● Task prompt: From the entries below, please output exactly the lines starting at the one containing "is_lim (fun x => f x / x) p_infty p_infty." and ending at the one containing "real (Lub_Rbar (fun", both included.

(Stored items)
++++++++++

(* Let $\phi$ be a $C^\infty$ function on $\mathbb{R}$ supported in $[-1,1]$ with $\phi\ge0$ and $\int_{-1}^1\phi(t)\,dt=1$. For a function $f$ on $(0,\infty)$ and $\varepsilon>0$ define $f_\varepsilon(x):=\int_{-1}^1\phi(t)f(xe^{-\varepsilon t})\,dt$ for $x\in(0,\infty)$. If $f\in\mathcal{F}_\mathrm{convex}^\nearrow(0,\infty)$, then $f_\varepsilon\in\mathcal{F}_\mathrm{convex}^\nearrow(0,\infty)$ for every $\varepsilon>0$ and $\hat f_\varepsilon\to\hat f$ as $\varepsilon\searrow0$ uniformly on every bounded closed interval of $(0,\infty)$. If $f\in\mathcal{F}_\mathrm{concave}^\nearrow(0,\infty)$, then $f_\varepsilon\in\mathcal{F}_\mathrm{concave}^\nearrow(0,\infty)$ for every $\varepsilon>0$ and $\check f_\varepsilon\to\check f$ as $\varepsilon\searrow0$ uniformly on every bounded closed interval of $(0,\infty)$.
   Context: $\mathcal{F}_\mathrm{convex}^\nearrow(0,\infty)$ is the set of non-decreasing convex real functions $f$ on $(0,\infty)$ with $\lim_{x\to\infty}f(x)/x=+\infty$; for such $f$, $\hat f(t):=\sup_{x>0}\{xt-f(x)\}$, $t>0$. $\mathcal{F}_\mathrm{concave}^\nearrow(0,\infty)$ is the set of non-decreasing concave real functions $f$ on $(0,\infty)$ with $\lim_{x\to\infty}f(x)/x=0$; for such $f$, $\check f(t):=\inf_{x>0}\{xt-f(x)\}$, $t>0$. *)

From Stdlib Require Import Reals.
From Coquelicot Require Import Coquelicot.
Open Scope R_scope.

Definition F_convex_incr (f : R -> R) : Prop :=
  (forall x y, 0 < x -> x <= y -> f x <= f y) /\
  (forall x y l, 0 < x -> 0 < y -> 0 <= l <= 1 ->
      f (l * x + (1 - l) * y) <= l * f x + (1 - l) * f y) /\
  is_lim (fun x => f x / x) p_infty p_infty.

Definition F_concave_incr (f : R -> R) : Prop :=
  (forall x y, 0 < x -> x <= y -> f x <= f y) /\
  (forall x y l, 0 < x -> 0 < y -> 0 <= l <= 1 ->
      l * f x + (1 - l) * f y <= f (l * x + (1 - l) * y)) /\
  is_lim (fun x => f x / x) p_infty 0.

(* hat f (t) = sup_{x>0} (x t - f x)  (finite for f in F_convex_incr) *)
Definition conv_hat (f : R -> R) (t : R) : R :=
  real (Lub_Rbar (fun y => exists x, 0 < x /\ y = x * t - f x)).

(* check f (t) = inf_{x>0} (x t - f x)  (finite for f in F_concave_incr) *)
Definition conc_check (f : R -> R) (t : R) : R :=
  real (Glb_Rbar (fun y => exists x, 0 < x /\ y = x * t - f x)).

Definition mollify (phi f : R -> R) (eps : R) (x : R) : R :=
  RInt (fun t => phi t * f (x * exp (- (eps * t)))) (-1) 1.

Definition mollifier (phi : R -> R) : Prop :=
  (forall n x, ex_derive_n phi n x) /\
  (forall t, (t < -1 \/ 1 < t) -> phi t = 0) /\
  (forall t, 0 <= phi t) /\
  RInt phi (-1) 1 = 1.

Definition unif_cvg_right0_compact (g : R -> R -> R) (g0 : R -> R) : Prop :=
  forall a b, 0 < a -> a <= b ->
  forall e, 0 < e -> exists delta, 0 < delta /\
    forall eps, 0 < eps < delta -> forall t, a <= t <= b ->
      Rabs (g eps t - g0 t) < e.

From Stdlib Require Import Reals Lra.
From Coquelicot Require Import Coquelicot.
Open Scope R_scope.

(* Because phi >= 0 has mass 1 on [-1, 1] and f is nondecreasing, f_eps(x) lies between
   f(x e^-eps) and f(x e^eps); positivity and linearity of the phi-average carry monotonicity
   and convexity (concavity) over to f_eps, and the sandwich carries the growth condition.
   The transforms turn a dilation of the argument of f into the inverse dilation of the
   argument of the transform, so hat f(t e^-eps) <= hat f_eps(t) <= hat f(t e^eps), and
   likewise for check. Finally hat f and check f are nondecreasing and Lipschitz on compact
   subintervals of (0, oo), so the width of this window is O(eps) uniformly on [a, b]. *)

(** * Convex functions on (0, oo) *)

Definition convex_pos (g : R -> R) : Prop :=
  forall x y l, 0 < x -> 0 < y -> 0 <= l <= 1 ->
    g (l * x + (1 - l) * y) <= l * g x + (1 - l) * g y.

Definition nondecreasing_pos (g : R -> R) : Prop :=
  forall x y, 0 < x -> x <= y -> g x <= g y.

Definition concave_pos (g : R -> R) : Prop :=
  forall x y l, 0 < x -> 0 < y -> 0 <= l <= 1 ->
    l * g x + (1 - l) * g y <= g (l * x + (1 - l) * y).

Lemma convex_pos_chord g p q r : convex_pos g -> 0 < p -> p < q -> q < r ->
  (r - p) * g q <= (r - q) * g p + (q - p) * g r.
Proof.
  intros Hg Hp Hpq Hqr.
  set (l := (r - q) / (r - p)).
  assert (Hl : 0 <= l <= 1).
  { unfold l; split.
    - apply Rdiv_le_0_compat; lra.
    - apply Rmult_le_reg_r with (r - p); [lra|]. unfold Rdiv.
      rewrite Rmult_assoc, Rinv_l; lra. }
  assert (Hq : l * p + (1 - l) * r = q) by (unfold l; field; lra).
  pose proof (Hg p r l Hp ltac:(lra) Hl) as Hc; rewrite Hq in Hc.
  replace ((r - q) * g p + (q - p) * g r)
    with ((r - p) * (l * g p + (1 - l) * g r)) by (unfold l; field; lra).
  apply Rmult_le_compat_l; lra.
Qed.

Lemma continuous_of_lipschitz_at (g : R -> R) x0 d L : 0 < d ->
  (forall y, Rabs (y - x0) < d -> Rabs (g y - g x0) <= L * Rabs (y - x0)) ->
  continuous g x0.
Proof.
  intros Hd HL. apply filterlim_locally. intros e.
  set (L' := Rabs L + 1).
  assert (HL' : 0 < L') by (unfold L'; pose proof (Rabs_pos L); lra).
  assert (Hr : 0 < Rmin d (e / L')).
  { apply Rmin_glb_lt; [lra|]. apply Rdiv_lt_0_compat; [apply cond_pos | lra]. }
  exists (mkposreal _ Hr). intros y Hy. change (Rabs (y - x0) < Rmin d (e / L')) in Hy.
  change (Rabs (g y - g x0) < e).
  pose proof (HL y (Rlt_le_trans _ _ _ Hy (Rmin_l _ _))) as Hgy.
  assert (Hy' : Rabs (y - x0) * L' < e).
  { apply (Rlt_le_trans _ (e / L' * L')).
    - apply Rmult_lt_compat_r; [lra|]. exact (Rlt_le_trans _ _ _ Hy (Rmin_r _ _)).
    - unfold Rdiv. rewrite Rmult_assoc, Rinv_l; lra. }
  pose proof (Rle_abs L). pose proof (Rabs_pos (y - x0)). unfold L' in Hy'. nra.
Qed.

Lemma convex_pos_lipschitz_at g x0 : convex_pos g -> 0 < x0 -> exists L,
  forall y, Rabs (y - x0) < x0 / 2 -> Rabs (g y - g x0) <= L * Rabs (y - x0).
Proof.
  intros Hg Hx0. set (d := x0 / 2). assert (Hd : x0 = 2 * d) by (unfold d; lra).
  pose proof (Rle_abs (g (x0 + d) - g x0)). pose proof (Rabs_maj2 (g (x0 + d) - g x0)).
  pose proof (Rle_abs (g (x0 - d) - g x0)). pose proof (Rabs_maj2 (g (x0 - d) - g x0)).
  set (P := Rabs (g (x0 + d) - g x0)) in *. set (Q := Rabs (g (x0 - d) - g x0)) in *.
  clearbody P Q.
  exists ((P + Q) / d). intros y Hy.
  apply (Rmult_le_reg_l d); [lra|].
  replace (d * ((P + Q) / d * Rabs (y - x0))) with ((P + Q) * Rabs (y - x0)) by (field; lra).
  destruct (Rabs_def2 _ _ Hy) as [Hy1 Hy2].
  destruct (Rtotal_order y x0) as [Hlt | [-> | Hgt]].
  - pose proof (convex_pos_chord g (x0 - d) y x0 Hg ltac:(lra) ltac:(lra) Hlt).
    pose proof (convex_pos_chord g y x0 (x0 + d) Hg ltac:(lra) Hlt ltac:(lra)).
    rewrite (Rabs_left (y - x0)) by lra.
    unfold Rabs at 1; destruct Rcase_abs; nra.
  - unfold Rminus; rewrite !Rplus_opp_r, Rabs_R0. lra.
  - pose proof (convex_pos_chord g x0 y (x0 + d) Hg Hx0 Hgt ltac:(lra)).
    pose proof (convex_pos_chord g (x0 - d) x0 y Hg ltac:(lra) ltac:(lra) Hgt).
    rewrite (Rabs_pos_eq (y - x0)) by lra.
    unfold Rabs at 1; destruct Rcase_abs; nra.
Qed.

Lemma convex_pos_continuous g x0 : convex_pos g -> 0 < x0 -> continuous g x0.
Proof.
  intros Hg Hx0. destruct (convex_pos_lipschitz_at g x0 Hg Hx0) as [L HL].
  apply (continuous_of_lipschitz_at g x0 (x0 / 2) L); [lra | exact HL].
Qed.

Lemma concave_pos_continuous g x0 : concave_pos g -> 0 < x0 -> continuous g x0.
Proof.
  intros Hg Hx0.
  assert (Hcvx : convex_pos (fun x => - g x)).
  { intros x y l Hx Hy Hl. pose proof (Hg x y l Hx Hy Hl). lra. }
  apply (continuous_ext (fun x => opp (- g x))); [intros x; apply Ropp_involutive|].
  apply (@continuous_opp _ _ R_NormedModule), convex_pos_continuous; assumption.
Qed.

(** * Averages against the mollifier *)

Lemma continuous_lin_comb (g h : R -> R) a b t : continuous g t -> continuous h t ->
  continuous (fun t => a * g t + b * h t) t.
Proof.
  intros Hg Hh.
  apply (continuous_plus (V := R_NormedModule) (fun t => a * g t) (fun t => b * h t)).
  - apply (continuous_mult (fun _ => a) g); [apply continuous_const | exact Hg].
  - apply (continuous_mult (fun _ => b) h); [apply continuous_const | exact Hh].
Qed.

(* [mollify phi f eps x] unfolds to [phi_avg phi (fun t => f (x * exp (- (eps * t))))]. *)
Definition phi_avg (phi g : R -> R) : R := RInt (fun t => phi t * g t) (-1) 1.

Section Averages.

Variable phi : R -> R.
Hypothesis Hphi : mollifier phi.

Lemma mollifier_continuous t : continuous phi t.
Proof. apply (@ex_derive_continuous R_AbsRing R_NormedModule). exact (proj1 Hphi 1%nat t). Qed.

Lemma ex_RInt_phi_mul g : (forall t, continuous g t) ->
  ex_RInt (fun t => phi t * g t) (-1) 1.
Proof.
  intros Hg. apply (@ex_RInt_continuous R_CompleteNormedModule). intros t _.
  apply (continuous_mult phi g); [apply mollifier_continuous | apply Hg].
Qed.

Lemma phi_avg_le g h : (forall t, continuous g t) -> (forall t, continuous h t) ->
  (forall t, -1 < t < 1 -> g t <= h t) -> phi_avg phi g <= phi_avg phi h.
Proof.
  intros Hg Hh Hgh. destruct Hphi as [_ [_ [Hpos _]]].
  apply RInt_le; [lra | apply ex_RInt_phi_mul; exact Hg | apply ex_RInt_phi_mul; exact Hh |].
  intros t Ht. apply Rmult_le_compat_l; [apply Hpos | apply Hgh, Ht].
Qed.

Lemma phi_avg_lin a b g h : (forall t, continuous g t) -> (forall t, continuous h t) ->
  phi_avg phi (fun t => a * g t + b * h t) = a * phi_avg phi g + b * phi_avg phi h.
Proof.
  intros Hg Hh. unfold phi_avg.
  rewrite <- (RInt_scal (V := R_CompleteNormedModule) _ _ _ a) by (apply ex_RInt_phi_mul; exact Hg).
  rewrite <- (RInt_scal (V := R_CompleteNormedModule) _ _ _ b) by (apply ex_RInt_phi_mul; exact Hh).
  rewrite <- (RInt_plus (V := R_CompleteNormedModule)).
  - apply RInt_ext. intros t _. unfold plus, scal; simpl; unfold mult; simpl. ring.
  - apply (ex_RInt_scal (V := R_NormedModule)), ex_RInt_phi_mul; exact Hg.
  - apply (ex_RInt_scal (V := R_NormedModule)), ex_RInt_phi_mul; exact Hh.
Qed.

++++++++++

● Exercise answer:
  is_lim (fun x => f x / x) p_infty p_infty.

Definition F_concave_incr (f : R -> R) : Prop :=
  (forall x y, 0 < x -> x <= y -> f x <= f y) /\
  (forall x y l, 0 < x -> 0 < y -> 0 <= l <= 1 ->
      l * f x + (1 - l) * f y <= f (l * x + (1 - l) * y)) /\
  is_lim (fun x => f x / x) p_infty 0.

(* hat f (t) = sup_{x>0} (x t - f x)  (finite for f in F_convex_incr) *)
Definition conv_hat (f : R -> R) (t : R) : R :=
  real (Lub_Rbar (fun y => exists x, 0 < x /\ y = x * t - f x)).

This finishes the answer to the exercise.